Data to process
::::

Lemma quot_dom_le q : safe_le q (val (quot_dom q)).
Proof. exact/asboolP/(xchooseP (quot_dominating q)). Qed.

Lemma quot_delta_neq0 d a : quot_delta d a != set0.
Proof.
case/set0Pn: (@delta_ne _ A (val d) a) => p' dp'; apply/set0Pn; exists (quot_dom p').
exact: quot_delta_safe_le (safe_le_refl _) dp' (quot_dom_le p').
Qed.

Lemma quot_alpha_sub d a d' : quot_alpha d a d' -> d' \in quot_delta d a.
Proof. by case/andP. Qed.

Definition quot_aut : tNCW Sigma :=
  @TNCW Sigma quot_st (quot_dom (q0 A)) quot_delta quot_alpha quot_delta_neq0 quot_alpha_sub.

Lemma quot_safe_step d d' a q :
  d' \in quot_delta d a -> ~~ quot_alpha d a d' -> safe_le (val d) q ->
  exists2 q', q' \in delta_na A q a & safe_le (val d') q'.
Proof.
move=> dd'; rewrite /quot_alpha dd' negbK => /asboolP[r' dr' [_ d'r']] dq.
have [q' qq' r'q'] := safe_le_step sdA sdA sfA dq dr'.
by exists q' => //; apply: safe_le_trans d'r' r'q'.
Qed.

Lemma quot_safe_run_lang (r : nat -> quot_st) w :
  (forall i, r i.+1 \in quot_delta (r i) (w i) /\ ~~ quot_alpha (r i) (w i) (r i.+1)) ->
  lang_at (val (r 0)) w.
Proof.
move=> r_safe; apply: (safe_prefixes_lang_at sfA) => k.
suff [q rq _] : exists2 q, safe_path (val (r 0)) (mkseq w k) q & safe_le (val (r k)) q.
  by exists q.
elim: k => [|k [q rq rkq]]; first by exists (val (r 0)).
have [rS r_nalpha] := r_safe k.
have [q' qq' rq'] := quot_safe_step rS r_nalpha rkq.
by exists q' => //; rewrite mkseqS; apply/safe_path_rcons; exists q.
Qed.

Lemma quot_lang_shift (r : nat -> quot_st) w k :
  (forall i, r i.+1 \in quot_delta (r i) (w i)) ->
  lang_at (val (r k)) (shift k w) -> lang_at (val (r 0)) w.
Proof.
move=> rS; elim: k => [|k IH]; first by rewrite shift0.
by move/(quot_deltaP _ _ _ (rS k)); rewrite -shiftS.
Qed.

Lemma quot_lang_sub w : lang quot_aut w -> lang A w.
Proof.
move=> [r [[r0 rS] [N accN]]].
have rN : lang_at (val (r N)) (shift N w).
  have := @quot_safe_run_lang (fun i => r (N + i)) (shift N w); rewrite addn0; apply=> i.
  by rewrite /shift addnS; split; [apply: rS | apply: accN; apply: leq_addr].
by have := quot_lang_shift rS rN; rewrite r0 => /((quot_dom_le (q0 A)).1 w).2.
Qed.

(* The strategy of [quot_aut] shadows one of [A]: it stays above the state of [A] and moves
   safely whenever [A] does. *)
Definition quot_good d a p p' d' : Prop :=
  [/\ d' \in quot_delta d a, safe_le p' (val d') &
      p' \in delta_na A p a -> ~~ quot_alpha d a d'].

Lemma quot_good_exists d a p p' :
  safe_le p (val d) -> p' \in delta p a -> exists d', quot_good d a p p' d'.
Proof.
move=> pd pp'; have [pp'_safe|pp'_alpha] := boolP (p' \in delta_na A p a); last first.
  exists (quot_dom p'); split; [exact: quot_delta_safe_le pd pp' (quot_dom_le p') |
    exact: quot_dom_le | by rewrite (negbTE pp'_alpha)].
have [s ds p's] := safe_le_step sdA sdA sfA pd pp'_safe.
have [r rR sr] := R_safe_closed (valP d) ds.
have p'r : safe_le p' r := safe_le_trans p's sr.1.
pose d' : quot_st := Sub r rR.
have dd' : d' \in quot_delta d a := quot_delta_safe_le (d' := d') pd pp' p'r.
exists d'; split=> // _; rewrite /quot_alpha dd' negbK.
by apply/asboolP; exists s.
Qed.

Definition quot_next d a p p' : quot_st :=
  odflt d [pick d' | `[< quot_good d a p p' d' >]].

Lemma quot_nextP d a p p' :
  safe_le p (val d) -> p' \in delta p a -> quot_good d a p p' (quot_next d a p p').
Proof.
move=> pd pp'; rewrite /quot_next; case: pickP => [d' /asboolP //|no_good].
by have [d' /asboolT] := quot_good_exists pd pp'; rewrite no_good.
Qed.

Section QuotientStrategy.
Variable f : seq Sigma -> st A.
Hypotheses (f0 : f [::] = q0 A) (fS : forall u a, f (rcons u a) \in delta (f u) a).

Definition quot_strategy : seq Sigma -> quot_st :=
  follow (quot_dom (q0 A)) (fun d u a => quot_next d a (f u) (f (rcons u a))).

Lemma quot_strategy_le u : safe_le (f u) (val (quot_strategy u)).
Proof.
elim/last_ind: u => [|u a IH]; first by rewrite f0; apply: quot_dom_le.
by rewrite /quot_strategy follow_rcons; case: (quot_nextP IH (fS u a)).
Qed.

Lemma quot_strategy_good u a :
  quot_good (quot_strategy u) a (f u) (f (rcons u a)) (quot_strategy (rcons u a)).
Proof. by rewrite {2}/quot_strategy follow_rcons; apply: quot_nextP (quot_strategy_le u) _. Qed.

Lemma quot_strategy_acc w :
  acc_seq A w (fun i => f (mkseq w i)) -> acc_seq quot_aut w (fun i => quot_strategy (mkseq w i)).
Proof.
case=> N accN; exists N => i /accN; rewrite /= mkseqS => f_safe.
by case: (quot_strategy_good (mkseq w i) (w i)) => _ _; apply; rewrite inE fS.
Qed.

End QuotientStrategy.

Lemma quot_GFG_lang : GFG A -> GFG quot_aut /\ forall w, lang quot_aut w <-> lang A w.
Proof.
case=> f [f0 fS facc].
have gS u a : quot_strategy f (rcons u a) \in quot_delta (quot_strategy f u) a.
  by case: (quot_strategy_good f0 fS u a).
have lang_eq w : lang quot_aut w <-> lang A w.
  split=> [|/facc/(quot_strategy_acc f0 fS) acc]; first exact: quot_lang_sub.
  by exists (fun i => quot_strategy f (mkseq w i)); split=> //; split=> // i; rewrite mkseqS.
split=> //; exists (quot_strategy f); split=> // w /lang_eq/facc.
exact: quot_strategy_acc.
Qed.

Theorem safe_dominating_set_full : GFG A -> minimal_GFG A -> forall q, q \in R.
Proof.
move=> gA mA; have [gQ lang_eq] := quot_GFG_lang gA.
have := mA quot_aut gQ lang_eq; rewrite card_sig => card_le.
suff /eqP -> : R == setT by move=> q; rewrite inE.
by rewrite eqEcard subsetT cardsT (leq_trans card_le) // subset_leq_card // subsetT.
Qed.

End Quotient.

Lemma limit_word (T : Type) (P : nat -> seq T) :
  (forall n, exists2 t, 0 < size t & P n.+1 = P n ++ t) ->
  exists w : nat -> T, forall n, mkseq w (size (P n)) = P n.
Proof.
move=> P_grows.
have P_prefix n m : n <= m -> exists t, P m = P n ++ t.
  move/subnK <-; elim: (m - n) => [|k [t Pk]]; first by exists [::]; rewrite cats0.
  by have [t' _ PS] := P_grows (k + n); exists (t ++ t'); rewrite addSn PS Pk catA.
have P_size n : n <= size (P n).
  elim: n => // n IH; have [t t_ne ->] := P_grows n.
  by rewrite size_cat -addn1 leq_add.
have [x0 _] : exists x0 : T, True.
  by have [[|x0 t] // _ _] := P_grows 0; exists x0.
have nth_P n m i : n <= m -> i < size (P n) -> nth x0 (P m) i = nth x0 (P n) i.
  by move=> /P_prefix[t ->] ilt; rewrite nth_cat ilt.
exists (fun i => nth x0 (P i.+1) i) => n.
apply: (@eq_from_nth _ x0); rewrite size_mkseq // => i ilt; rewrite nth_mkseq //.
by rewrite -(nth_P n (maxn n i.+1)) ?leq_maxl // (nth_P i.+1) ?leq_maxr // (P_size i.+1).
Qed.

Section SafeSimulationExists.
Variable Sigma : finType.
Implicit Types (A B : tNCW Sigma) (w : word Sigma) (u v x z : seq Sigma).

Lemma strategy_lang_at A B (f : seq Sigma -> st B) (p : st A) v :
  sem_det A -> sem_det B -> (forall w, lang A w <-> lang B w) ->
  f [::] = q0 B -> (forall u a, f (rcons u a) \in delta (f u) a) ->
  run_on (q0 A) v p -> forall w, lang_at p w <-> lang_at (f v) w.
Proof.
move=> sdA sdB eqL f0 fS vp w; have fv := strategy_run_on fS v; rewrite f0 in fv.
split=> [/(run_on_lang vp)/eqL|/(run_on_lang fv)/eqL]; first exact: run_on_residual.
exact: run_on_residual.
Qed.

Lemma normal_safe_loop A B (p : st A) (q : st B) : normal A ->
  ~ (forall x, safe_word p x -> safe_word q x) ->
  exists z, safe_path p z p /\ ~ safe_word q z.
Proof.
move=> nA /existsNP[x /not_implyP[[p' xp'] xq]].
have [y yp] := (connect_safe_path p' p).1 (nA _ _ ((connect_safe_path p p').2 (ex_intro _ x xp'))).
exists (x ++ y); split; first by apply/safe_path_cat; exists p'.
by move/safe_word_cat.
Qed.

Lemma strategy_safe_path B (f : seq Sigma -> st B) w k m :
  (forall u a, f (rcons u a) \in delta (f u) a) ->
  (forall i, k <= i -> ~~ alpha (f (mkseq w i)) (w i) (f (mkseq w i.+1))) ->
  safe_path (f (mkseq w k)) (mkseq (shift k w) m) (f (mkseq w (k + m))).
Proof.
move=> fS f_safe; elim: m => [|m IH]; first by rewrite addn0.
rewrite mkseqS; apply/safe_path_rcons; exists (f (mkseq w (k + m))) => //.
by rewrite /shift addnS mkseqS inE fS /= -mkseqS f_safe ?leq_addr.
Qed.

Lemma safe_loops_word A (p : st A) u (ext : seq Sigma -> seq Sigma) :
  safe_det A -> run_on (q0 A) u p ->
  (forall v, run_on (q0 A) v p -> safe_path p (ext v) p /\ 0 < size (ext v)) ->
  exists2 w, lang A w & forall N, exists v, [/\ N <= size v, mkseq w (size v) = v,
    run_on (q0 A) v p & mkseq (shift (size v) w) (size (ext v)) = ext v].
Proof.
move=> sfA up ext_loop.
pose P n := iter n (fun v => v ++ ext (u ++ v)) [::].
have P_loop n : safe_path p (P n) p /\ run_on (q0 A) (u ++ P n) p.
  elim: n => [|n [Pp uPp]]; first by rewrite cats0.
  have [extp _] := ext_loop _ uPp.
  split; first by apply/safe_path_cat; exists p.
  by rewrite /= catA; apply: run_on_cat uPp (safe_path_run_on extp).
have P_size n : n <= size (P n).
  by elim: n => // n IH; rewrite /= size_cat -addn1 leq_add // (ext_loop _ (P_loop n).2).2.
have [w wP] : exists w, forall n, mkseq w (size (u ++ P n)) = u ++ P n.
  apply: limit_word => n; exists (ext (u ++ P n)); rewrite /= ?catA //.
  exact: (ext_loop _ (P_loop n).2).2.
have wu : mkseq w (size u) = u by have := wP 0; rewrite cats0.
have wP' n : mkseq (shift (size u) w) (size (P n)) = P n by exact/mkseq_shift_cat/wP.
exists w => [|N].
  rewrite -(wcat_mkseq_shift (size u) w) wu; apply: run_on_lang up _.
  apply: (safe_prefixes_lang_at sfA) => k.
  apply: (@safe_word_cat _ _ _ _ (mkseq (shift k (shift (size u) w)) (size (P k) - k))).
  by rewrite -mkseqD subnKC // wP'; exists p; exact: (P_loop k).1.
exists (u ++ P N); split; [|exact: wP|exact: (P_loop N).2|].
  by rewrite size_cat (leq_trans (P_size N)) ?leq_addl.
by apply: mkseq_shift_cat; rewrite -catA (wP N.+1).
Qed.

::::

Only the lines above starting at the one containing "End QuotientStrategy." and ending at the one containing "split=> //; exists", both included, are to be returned, exactly as they read.

End QuotientStrategy.

Lemma quot_GFG_lang : GFG A -> GFG quot_aut /\ forall w, lang quot_aut w <-> lang A w.
Proof.
case=> f [f0 fS facc].
have gS u a : quot_strategy f (rcons u a) \in quot_delta (quot_strategy f u) a.
  by case: (quot_strategy_good f0 fS u a).
have lang_eq w : lang quot_aut w <-> lang A w.
  split=> [|/facc/(quot_strategy_acc f0 fS) acc]; first exact: quot_lang_sub.
  by exists (fun i => quot_strategy f (mkseq w i)); split=> //; split=> // i; rewrite mkseqS.
split=> //; exists (quot_strategy f); split=> // w /lang_eq/facc.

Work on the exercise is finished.